■ **What to work on**
Which of the lines below include the word "esym"? Pull each one out.

[Stored data entries]
+--

Lemma commuting_words_powers (u v : word A) :
  u ++ v = v ++ u -> exists z i j, u = wpow z i /\ v = wpow z j.
Proof.
elim: {u v}(size u + size v) {-2}u {-2}v (leqnn (size u + size v)) => [|n IH] u v.
  by case: u v => [|? ?] [|? ?] //= _ _; exists [::], 0, 0.
case: u => [|a u] Hsz E; first by exists v, 0, 1; rewrite wpow1.
case: v Hsz E => [|b v] Hsz E; first by exists (a :: u), 1, 0; rewrite wpow1.
set U := a :: u in Hsz E *; set V := b :: v in Hsz E *.
case: (leqP (size U) (size V)) => H.
  have [v' Ev] := prefix_of_cat E H.
  rewrite Ev -catA in E; have E' := catIl E.
  have [|z [i [j [E1 E2]]]] := IH _ _ _ E'.
    by move: Hsz; rewrite Ev size_cat /U /=; lia.
  by exists z, i, (i + j); rewrite Ev wpowD -E1 -E2.
have [u' Eu] := prefix_of_cat (esym E) (ltnW H).
rewrite Eu -catA in E; have E' := catIl E.
have [|z [i [j [E1 E2]]]] := IH _ _ _ E'.
  by move: Hsz; rewrite Eu size_cat /V /=; lia.
by exists z, (j + i), j; rewrite Eu wpowD -E1 -E2.
Qed.

Lemma nth_wpow x0 (z : word A) n i :
  i < n * size z -> nth x0 (wpow z n) i = nth x0 z (i %% size z).
Proof.
elim: n i => [|n IH] i //; rewrite mulSn wpowS nth_cat => Hi.
case: ifP => Hiz; first by rewrite modn_small.
have Hle : size z <= i by rewrite leqNgt Hiz.
by rewrite IH ?(ltn_subLR _ Hle) // -{2}(subnK Hle) modnDr.
Qed.

(* Conversely, two words having a common power commute: they are both
   determined by one periodic sequence with periods |z| and |w|. *)
Lemma common_power_comm (z w : word A) m n :
  0 < m -> 0 < n -> wpow z m = wpow w n -> z ++ w = w ++ z.
Proof.
move=> Hm Hn E.
case: z E => [|a z'] E; first by rewrite cats0.
case: w E => [|b w'] E; first by rewrite cats0.
set z := a :: z' in E *; set w := b :: w' in E *.
have Hs : m * size z = n * size w by rewrite -!size_wpow E.
pose s i := nth a z (i %% size z).
have Psw i : s i = nth a w (i %% size w).
  set L := m * size z.
  have Hi : i %% L < m * size z by rewrite ltn_pmod // muln_gt0 Hm.
  rewrite /s -(modn_dvdm i (dvdn_mull m (dvdnn (size z)))) -/L.
  rewrite -(nth_wpow a Hi) E nth_wpow; last by rewrite -Hs.
  by rewrite /L Hs modn_dvdm // dvdn_mull.
have Pz i : s (i + size z) = s i by rewrite /s modnDr.
have Pw i : s (i + size w) = s i by rewrite !Psw modnDr.
have Ez i : i < size z -> nth a z i = s i by move=> Hi; rewrite /s modn_small.
have Ew i : i < size w -> nth a w i = s i by move=> Hi; rewrite Psw modn_small.
apply: (@eq_from_nth _ a); first by rewrite !size_cat addnC.
move=> i; rewrite size_cat => Hi.
have -> : nth a (z ++ w) i = s i.
  rewrite nth_cat; case: ifP => H1; first by rewrite Ez.
  have H2 : size z <= i by rewrite leqNgt H1.
  by rewrite Ew ?(ltn_subLR _ H2) // -Pz subnK.
rewrite nth_cat; case: ifP => H1; first by rewrite Ew.
have H2 : size w <= i by rewrite leqNgt H1.
by rewrite Ez; [rewrite -[s (i - size w)]Pw subnK | lia].
Qed.

End CommutingWords.

Section Centralizer.
Variable T : eqType.
Implicit Types (b c z : word T).

Lemma comm_cyclic_cases c b :
  c != [::] -> reduced (c ++ c) -> reduced b -> comm c b ->
  (exists b1, b = inv_word c ++ b1) \/
  exists z i j, [/\ 0 < i, c = wpow z i & b = wpow z j \/ b = wpow (inv_word z) j].
Proof.
move=> Hc Hcc Hb Hcomm.
have Hcr : reduced c := reduced_catl Hcc.
have [c1 [t [b1 [Ec Eb Er1]]]] := cancellation_split Hcr Hb.
have [b2 [s [c2 [Eb' Ec' Er2]]]] := cancellation_split Hb Hcr.
have Eq : c1 ++ b1 = b2 ++ c2 by rewrite -Er1 -Er2.
have S1 := congr1 size Ec; have S2 := congr1 size Eb.
have S3 := congr1 size Eb'; have S4 := congr1 size Ec'; have S5 := congr1 size Eq.
rewrite ?size_cat ?size_inv_word in S1 S2 S3 S4 S5.
have Hst : size s = size t by lia.
have [Hc1|Hc1] := eqVneq c1 [::]; first by left; exists b1; rewrite Eb Ec Hc1.
right; have [Ht|Ht] := eqVneq t [::].
  (* no cancellation at all: c b = b c literally *)
  subst t; rewrite /= in Eb Ec Hst; rewrite cats0 in Ec; subst c1 b1.
  have Hs0 := size0nil Hst; subst s; rewrite cats0 in Eb'; rewrite /= in Ec'.
  subst b2 c2.
  have [z [i [j [E1 E2]]]] := commuting_words_powers Eq.
  exists z, i, j; split => //; last by left.
  by case: i E1 => // E1; move: Hc; rewrite E1.
have [Hb1|Hb1] := eqVneq b1 [::].
  (* b = t^{-1} for a suffix t of c = c1 t, and then c1 t = t c1 *)
  subst b1; rewrite cats0 in Eb.
  have Hb2 : size b2 = 0 by move: S2; rewrite Eb size_inv_word; lia.
  move/size0nil: Hb2 => Hb2; subst b2; rewrite /= in Eb'.
  rewrite -Eb' Eb inv_wordK in Ec'.
  rewrite cats0 /= in Eq; subst c2.
  have [z [i [j [E1 E2]]]] := commuting_words_powers (etrans (esym Ec) Ec').
  exists z, (i + j), j; split.
  - by case: i j E1 E2 Ht Hc1 => [|i] [|j] //= ->.
  - by rewrite Ec wpowD E1 E2.
  - by right; rewrite Eb E2 inv_wpow.
(* Otherwise c = c1 t starts with the inverse of its last letter, which is
   impossible for a cyclically reduced word. *)
exfalso.
have Hb1s : 0 < size b1 by case: (b1) Hb1.
have Hb2 : 0 < size b2 by lia.
case/lastP: t Ht Ec Eb {S1 S2 S4 S5 Hst} => [|t' l] // _ Ec Eb.
rewrite inv_word_rcons in Eb.
case: b2 Hb2 Eb' Eq Er2 S3 => [|x b2] // _ Eb' Eq _ _.
case: c1 Hc1 Ec Eq Er1 Hb1s => [|a c1] // _ Ec Eq _ _.
have Hx : x = inv_letter l by move: Eb'; rewrite Eb => -[].
have Ha : a = inv_letter l by move: Eq => /= -[-> _].
move: Hcc; rewrite Ec -cats1 Ha.
have := reduced_pair (inv_letter l :: c1 ++ t') (c1 ++ t' ++ [:: l]) l.
by rewrite -!catA /= -!catA /= => ->.
Qed.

+--

■ **Exercise output**
have [u' Eu] := prefix_of_cat (esym E) (ltnW H).
  have [z [i [j [E1 E2]]]] := commuting_words_powers (etrans (esym Ec) Ec').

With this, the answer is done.